**Work to be completed**:
Filter the data for lines with the word "move", then copy every line so identified.

== Segment start ==

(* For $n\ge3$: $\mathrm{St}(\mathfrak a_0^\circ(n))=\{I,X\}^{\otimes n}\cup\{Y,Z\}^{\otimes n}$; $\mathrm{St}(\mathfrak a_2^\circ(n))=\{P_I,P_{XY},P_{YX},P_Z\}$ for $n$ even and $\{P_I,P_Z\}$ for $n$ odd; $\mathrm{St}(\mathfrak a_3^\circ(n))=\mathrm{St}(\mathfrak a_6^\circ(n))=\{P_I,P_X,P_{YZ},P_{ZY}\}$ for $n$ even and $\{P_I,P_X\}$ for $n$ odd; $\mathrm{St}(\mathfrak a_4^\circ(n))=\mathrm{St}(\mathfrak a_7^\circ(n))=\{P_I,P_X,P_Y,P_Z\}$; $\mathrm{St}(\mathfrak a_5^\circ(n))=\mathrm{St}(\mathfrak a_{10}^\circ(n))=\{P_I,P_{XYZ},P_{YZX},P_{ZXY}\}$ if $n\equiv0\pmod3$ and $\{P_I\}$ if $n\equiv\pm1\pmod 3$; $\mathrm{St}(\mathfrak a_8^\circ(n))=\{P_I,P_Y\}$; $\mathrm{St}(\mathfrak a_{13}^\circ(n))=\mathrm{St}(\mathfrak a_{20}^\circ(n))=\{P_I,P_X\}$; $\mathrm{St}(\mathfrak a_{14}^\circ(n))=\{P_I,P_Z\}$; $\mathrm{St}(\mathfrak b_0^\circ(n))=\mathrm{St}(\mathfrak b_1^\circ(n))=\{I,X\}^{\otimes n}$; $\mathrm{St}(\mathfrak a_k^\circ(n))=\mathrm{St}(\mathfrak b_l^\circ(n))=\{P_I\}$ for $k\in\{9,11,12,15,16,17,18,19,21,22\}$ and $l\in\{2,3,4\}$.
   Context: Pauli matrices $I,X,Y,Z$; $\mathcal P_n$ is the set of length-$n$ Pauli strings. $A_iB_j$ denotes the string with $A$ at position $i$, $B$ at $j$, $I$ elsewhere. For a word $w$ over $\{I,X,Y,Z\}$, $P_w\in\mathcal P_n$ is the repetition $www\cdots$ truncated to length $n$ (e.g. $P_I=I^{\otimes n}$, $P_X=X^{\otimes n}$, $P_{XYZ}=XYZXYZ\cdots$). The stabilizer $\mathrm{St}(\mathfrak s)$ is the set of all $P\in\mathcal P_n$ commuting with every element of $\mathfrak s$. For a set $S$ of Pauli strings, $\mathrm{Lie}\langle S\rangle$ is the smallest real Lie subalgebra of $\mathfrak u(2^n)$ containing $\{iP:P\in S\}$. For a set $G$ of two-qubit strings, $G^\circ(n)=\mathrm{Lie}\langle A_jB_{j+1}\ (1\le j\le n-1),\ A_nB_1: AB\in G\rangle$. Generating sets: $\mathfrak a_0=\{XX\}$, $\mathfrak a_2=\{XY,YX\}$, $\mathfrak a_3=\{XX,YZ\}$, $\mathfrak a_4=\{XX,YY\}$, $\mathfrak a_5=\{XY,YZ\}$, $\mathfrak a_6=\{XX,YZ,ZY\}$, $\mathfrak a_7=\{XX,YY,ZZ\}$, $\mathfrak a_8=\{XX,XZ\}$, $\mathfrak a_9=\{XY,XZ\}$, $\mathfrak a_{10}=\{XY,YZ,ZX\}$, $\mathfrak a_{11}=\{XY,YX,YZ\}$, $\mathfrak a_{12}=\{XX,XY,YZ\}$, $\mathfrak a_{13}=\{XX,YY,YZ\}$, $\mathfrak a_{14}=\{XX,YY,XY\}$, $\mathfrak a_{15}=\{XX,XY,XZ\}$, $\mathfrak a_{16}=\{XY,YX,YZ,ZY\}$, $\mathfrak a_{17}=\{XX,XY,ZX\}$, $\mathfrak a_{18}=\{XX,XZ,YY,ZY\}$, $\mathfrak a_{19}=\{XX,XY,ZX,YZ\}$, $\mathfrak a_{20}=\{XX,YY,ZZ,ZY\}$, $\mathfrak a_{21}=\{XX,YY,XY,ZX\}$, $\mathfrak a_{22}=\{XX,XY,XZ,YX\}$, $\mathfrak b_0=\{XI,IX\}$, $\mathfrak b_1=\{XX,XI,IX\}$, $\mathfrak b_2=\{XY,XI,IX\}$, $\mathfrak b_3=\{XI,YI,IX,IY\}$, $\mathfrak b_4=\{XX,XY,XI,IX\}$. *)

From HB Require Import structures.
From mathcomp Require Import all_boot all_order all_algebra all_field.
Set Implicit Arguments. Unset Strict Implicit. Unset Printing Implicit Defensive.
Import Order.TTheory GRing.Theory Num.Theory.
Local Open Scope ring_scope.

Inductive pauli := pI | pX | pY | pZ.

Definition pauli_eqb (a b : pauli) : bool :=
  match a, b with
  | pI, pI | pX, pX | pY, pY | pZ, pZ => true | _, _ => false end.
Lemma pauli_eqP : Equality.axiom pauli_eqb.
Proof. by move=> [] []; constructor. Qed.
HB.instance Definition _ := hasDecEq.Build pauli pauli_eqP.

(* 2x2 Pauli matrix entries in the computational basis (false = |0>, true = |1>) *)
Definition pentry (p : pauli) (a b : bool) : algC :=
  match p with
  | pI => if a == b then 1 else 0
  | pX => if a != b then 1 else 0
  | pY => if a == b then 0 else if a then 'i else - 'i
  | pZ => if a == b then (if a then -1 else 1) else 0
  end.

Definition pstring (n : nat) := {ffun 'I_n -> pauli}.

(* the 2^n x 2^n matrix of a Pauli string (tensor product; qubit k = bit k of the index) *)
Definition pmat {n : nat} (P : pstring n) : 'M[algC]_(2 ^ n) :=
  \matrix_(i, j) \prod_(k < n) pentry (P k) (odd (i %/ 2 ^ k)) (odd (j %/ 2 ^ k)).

== Segment end ==
== Segment start ==

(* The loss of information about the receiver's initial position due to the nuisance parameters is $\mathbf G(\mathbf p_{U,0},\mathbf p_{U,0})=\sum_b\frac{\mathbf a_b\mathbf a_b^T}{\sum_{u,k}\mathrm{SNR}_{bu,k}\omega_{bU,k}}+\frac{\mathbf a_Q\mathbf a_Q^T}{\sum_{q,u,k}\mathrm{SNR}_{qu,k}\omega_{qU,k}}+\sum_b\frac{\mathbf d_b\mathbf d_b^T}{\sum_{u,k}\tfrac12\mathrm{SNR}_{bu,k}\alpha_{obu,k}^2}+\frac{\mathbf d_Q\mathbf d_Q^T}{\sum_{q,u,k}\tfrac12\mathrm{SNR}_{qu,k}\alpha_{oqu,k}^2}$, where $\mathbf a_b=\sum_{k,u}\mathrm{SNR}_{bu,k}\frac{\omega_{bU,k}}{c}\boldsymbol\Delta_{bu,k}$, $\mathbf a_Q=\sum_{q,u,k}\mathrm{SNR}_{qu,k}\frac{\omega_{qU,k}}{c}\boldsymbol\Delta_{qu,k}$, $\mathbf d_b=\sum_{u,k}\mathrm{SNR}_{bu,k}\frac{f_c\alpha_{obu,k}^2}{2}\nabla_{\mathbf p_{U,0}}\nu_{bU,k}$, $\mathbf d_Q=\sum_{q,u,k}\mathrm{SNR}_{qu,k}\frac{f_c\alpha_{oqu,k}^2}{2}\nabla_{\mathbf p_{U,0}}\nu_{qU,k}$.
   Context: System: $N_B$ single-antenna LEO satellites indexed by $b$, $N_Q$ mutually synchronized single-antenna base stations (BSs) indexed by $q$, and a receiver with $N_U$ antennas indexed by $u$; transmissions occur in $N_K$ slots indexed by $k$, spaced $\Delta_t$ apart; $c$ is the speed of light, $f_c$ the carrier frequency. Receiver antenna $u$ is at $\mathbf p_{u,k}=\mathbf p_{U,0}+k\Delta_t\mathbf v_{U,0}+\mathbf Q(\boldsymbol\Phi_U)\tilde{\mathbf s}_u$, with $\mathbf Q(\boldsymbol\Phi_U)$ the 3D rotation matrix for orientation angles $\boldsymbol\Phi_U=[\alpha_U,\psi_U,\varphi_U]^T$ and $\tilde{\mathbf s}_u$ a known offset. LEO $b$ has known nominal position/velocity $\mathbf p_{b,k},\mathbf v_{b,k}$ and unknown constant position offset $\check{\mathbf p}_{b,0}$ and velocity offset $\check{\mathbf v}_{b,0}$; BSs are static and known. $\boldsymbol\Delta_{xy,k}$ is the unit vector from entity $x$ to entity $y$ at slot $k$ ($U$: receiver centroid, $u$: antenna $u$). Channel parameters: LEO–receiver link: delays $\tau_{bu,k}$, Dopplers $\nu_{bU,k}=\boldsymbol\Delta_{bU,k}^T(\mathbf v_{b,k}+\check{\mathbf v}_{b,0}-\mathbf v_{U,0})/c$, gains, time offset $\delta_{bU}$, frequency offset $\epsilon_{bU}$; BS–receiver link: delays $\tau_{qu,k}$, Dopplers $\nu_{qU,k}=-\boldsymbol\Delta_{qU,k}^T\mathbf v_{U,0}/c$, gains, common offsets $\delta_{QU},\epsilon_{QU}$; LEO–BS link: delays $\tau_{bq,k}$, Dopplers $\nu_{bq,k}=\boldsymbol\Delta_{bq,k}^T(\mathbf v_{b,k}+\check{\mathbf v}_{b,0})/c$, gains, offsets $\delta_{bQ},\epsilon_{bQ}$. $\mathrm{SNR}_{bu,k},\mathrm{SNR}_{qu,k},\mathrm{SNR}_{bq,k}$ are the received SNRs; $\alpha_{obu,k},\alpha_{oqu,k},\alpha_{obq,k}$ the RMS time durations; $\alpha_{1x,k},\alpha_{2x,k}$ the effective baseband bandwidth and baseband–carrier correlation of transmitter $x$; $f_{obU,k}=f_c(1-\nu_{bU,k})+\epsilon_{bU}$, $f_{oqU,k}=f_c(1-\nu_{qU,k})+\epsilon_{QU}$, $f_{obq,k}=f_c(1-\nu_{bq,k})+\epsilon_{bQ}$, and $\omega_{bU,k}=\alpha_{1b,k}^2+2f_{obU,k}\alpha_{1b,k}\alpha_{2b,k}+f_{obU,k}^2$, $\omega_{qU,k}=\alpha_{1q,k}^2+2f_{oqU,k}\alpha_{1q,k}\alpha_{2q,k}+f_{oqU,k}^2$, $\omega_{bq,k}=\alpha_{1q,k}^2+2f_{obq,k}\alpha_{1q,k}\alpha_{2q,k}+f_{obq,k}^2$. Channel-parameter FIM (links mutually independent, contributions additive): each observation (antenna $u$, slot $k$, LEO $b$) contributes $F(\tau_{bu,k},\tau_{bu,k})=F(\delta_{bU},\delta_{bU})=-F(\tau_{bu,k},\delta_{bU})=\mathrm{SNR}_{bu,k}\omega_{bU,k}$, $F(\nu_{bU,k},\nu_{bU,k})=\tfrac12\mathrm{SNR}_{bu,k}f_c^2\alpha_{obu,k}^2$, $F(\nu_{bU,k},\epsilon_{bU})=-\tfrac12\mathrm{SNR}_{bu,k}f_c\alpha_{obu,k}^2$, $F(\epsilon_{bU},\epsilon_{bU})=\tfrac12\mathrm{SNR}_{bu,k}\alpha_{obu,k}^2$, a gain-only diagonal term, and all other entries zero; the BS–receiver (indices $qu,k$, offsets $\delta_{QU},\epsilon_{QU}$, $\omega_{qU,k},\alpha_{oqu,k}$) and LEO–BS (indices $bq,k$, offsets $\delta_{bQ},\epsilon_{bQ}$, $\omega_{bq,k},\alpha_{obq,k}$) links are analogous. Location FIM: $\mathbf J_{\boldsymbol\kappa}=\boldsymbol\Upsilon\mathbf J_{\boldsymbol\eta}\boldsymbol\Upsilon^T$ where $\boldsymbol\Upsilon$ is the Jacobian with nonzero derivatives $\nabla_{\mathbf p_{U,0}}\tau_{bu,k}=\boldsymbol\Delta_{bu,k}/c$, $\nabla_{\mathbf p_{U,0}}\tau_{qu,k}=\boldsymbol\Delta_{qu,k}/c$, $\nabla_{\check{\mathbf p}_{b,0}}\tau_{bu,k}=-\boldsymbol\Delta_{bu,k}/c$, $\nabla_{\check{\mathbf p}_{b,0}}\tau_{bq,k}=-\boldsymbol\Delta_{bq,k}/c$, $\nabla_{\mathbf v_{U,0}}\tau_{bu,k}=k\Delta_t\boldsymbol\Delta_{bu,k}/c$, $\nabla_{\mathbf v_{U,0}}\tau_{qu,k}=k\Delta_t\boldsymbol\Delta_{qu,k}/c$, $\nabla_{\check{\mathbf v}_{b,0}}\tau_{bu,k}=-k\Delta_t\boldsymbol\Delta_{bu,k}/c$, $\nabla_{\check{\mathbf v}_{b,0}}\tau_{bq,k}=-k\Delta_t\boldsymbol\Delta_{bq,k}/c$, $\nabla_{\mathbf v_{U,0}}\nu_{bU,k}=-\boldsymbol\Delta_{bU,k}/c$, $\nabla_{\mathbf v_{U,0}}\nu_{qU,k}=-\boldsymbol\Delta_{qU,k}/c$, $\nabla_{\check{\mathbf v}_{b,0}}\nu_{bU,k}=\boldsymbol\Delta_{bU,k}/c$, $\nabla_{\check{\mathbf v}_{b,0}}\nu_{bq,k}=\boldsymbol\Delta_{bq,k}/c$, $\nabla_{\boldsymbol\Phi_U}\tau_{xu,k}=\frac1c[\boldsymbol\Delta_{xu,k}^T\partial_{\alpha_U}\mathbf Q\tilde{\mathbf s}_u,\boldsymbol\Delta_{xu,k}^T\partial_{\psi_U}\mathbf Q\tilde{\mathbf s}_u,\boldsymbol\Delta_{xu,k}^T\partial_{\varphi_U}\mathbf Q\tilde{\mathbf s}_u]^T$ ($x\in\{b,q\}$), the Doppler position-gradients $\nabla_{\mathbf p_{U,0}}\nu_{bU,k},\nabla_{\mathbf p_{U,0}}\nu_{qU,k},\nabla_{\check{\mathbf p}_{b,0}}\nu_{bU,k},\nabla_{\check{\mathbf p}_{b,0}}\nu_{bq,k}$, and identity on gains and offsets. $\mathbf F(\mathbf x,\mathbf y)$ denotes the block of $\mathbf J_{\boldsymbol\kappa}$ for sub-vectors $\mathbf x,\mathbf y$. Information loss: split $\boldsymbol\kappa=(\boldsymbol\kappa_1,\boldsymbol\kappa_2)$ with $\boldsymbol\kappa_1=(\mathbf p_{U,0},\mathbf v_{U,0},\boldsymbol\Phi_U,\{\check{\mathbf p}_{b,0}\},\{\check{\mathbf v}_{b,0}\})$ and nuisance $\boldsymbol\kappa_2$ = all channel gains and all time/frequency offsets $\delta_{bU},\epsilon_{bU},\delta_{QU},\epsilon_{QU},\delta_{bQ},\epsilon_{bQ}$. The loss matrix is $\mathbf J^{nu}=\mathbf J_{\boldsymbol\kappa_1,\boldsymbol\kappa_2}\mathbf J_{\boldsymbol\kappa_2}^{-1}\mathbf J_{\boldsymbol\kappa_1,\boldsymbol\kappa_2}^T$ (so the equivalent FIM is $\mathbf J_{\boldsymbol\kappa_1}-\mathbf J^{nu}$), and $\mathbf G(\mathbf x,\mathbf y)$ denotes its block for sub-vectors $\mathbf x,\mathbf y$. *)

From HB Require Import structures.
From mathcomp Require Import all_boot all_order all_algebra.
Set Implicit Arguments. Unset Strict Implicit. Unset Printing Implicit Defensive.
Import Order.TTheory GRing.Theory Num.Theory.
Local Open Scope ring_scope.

== Segment end ==
== Segment start ==

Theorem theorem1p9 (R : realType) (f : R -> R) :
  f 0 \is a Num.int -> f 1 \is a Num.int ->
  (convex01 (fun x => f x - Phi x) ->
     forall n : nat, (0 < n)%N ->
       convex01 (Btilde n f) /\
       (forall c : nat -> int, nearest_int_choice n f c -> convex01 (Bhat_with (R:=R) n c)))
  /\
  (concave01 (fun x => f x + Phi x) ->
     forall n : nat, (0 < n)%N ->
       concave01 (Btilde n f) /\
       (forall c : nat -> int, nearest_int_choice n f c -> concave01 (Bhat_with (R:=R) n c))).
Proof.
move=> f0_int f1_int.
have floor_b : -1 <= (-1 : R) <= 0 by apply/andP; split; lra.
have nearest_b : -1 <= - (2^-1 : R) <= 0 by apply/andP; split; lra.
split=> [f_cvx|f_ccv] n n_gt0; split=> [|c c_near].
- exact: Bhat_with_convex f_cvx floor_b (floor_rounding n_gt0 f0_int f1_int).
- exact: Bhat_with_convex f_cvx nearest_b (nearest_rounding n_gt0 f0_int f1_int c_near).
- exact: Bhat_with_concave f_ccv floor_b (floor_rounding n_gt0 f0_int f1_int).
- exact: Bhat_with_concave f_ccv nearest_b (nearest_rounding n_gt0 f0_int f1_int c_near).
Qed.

== Segment end ==

**Response**:
Proof. by move=> [] []; constructor. Qed.
move=> f0_int f1_int.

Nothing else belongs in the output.